What you should do → In the data below, find the line that contains "assert (EA : forall" and the line that contains "assert (HA : hhom r s A).". Copy both, plus every line between them, exactly.

[Stored data entries]
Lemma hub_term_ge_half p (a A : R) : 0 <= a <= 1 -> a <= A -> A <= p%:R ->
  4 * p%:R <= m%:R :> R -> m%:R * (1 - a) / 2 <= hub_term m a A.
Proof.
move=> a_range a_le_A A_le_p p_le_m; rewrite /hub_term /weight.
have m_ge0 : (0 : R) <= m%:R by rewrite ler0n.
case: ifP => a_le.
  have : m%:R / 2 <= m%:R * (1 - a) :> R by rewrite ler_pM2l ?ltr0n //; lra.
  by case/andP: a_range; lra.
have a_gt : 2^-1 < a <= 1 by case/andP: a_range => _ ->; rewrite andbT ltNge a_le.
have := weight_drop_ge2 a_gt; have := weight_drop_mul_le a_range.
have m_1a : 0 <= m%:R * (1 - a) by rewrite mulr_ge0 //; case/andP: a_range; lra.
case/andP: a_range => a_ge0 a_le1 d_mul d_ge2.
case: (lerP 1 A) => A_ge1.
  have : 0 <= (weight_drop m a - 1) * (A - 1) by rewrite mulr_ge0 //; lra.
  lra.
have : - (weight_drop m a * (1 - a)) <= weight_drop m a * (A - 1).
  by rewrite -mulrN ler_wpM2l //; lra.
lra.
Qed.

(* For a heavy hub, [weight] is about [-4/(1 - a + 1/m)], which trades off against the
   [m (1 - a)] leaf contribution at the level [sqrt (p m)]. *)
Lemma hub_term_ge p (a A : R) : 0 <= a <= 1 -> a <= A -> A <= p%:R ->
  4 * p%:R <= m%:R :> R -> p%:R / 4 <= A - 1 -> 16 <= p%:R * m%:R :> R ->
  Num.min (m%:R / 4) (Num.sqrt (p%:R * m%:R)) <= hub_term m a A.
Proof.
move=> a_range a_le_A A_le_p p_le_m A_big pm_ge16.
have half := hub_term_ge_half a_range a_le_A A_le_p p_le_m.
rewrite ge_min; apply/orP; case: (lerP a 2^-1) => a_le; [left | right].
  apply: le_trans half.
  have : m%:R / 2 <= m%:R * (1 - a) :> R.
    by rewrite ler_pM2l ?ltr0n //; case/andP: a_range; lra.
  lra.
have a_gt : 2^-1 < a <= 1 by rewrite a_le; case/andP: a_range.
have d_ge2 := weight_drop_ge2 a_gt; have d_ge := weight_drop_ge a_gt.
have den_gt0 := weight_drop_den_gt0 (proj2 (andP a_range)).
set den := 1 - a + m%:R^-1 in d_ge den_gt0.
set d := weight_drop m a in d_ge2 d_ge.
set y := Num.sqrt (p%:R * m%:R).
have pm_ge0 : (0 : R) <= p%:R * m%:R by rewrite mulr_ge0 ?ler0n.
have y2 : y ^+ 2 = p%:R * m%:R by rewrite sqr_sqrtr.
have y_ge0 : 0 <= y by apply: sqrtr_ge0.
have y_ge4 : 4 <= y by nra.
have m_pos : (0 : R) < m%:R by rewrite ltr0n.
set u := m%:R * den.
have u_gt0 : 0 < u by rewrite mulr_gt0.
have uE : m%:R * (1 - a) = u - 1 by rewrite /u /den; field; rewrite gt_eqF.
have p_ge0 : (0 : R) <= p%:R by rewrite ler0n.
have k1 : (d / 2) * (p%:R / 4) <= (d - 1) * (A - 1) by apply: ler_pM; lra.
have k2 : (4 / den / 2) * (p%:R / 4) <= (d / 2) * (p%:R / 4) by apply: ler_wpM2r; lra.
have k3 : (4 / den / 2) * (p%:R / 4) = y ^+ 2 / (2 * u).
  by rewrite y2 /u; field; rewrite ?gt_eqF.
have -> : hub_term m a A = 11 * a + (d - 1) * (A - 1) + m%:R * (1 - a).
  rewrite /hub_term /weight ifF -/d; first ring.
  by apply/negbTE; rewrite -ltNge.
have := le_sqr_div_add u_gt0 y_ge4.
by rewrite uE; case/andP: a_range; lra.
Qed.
==
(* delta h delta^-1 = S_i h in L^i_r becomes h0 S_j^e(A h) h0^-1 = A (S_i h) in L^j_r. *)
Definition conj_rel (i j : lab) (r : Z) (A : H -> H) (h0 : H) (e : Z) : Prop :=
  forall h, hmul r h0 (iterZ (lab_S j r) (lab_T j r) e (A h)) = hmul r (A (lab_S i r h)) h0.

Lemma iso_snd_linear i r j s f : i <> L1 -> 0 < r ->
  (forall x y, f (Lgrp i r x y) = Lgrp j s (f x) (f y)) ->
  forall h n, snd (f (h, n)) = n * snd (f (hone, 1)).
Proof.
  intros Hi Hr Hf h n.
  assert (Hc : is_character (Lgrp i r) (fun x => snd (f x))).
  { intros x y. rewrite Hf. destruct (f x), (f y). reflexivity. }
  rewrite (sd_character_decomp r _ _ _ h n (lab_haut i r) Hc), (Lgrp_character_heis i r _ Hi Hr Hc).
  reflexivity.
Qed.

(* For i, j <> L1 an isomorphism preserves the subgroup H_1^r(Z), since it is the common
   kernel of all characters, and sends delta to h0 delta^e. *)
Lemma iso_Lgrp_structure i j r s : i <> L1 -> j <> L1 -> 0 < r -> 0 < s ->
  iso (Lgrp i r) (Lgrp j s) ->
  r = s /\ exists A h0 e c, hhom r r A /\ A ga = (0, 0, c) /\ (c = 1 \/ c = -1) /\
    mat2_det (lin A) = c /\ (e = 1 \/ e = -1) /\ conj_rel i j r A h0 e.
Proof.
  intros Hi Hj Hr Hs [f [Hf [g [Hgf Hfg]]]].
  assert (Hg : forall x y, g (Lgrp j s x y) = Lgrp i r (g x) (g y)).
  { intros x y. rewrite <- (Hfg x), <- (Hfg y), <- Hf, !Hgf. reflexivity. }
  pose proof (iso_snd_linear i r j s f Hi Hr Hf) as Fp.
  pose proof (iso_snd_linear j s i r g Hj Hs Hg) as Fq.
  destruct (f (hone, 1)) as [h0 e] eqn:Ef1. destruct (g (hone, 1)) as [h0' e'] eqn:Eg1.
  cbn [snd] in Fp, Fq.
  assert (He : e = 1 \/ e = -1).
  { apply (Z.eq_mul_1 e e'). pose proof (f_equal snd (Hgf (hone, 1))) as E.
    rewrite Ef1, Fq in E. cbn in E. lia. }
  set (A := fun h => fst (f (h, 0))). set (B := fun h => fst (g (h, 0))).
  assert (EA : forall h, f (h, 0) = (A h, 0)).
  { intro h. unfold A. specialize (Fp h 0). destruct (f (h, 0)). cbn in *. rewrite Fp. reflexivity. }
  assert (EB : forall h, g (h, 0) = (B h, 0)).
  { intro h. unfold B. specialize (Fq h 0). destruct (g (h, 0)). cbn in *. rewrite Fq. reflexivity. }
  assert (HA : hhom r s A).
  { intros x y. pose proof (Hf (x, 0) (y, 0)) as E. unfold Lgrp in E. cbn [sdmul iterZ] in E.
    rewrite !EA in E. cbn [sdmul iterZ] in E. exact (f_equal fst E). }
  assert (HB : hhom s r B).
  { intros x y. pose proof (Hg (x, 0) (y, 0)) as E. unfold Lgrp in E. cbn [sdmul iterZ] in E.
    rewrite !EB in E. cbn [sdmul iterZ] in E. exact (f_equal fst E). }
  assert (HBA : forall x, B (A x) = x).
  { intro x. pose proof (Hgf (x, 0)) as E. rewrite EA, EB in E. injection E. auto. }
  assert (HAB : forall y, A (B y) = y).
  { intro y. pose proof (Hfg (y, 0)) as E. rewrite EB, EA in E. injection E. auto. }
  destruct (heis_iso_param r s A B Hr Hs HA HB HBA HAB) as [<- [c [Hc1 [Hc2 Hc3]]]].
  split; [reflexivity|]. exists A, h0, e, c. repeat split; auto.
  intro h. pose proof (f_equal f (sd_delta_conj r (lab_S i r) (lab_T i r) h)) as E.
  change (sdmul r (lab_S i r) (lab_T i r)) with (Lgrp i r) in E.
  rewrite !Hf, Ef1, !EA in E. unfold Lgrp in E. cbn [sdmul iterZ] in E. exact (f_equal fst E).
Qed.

Exercise output →
  assert (EA : forall h, f (h, 0) = (A h, 0)).
  { intro h. unfold A. specialize (Fp h 0). destruct (f (h, 0)). cbn in *. rewrite Fp. reflexivity. }
  assert (EB : forall h, g (h, 0) = (B h, 0)).
  { intro h. unfold B. specialize (Fq h 0). destruct (g (h, 0)). cbn in *. rewrite Fq. reflexivity. }
  assert (HA : hhom r s A).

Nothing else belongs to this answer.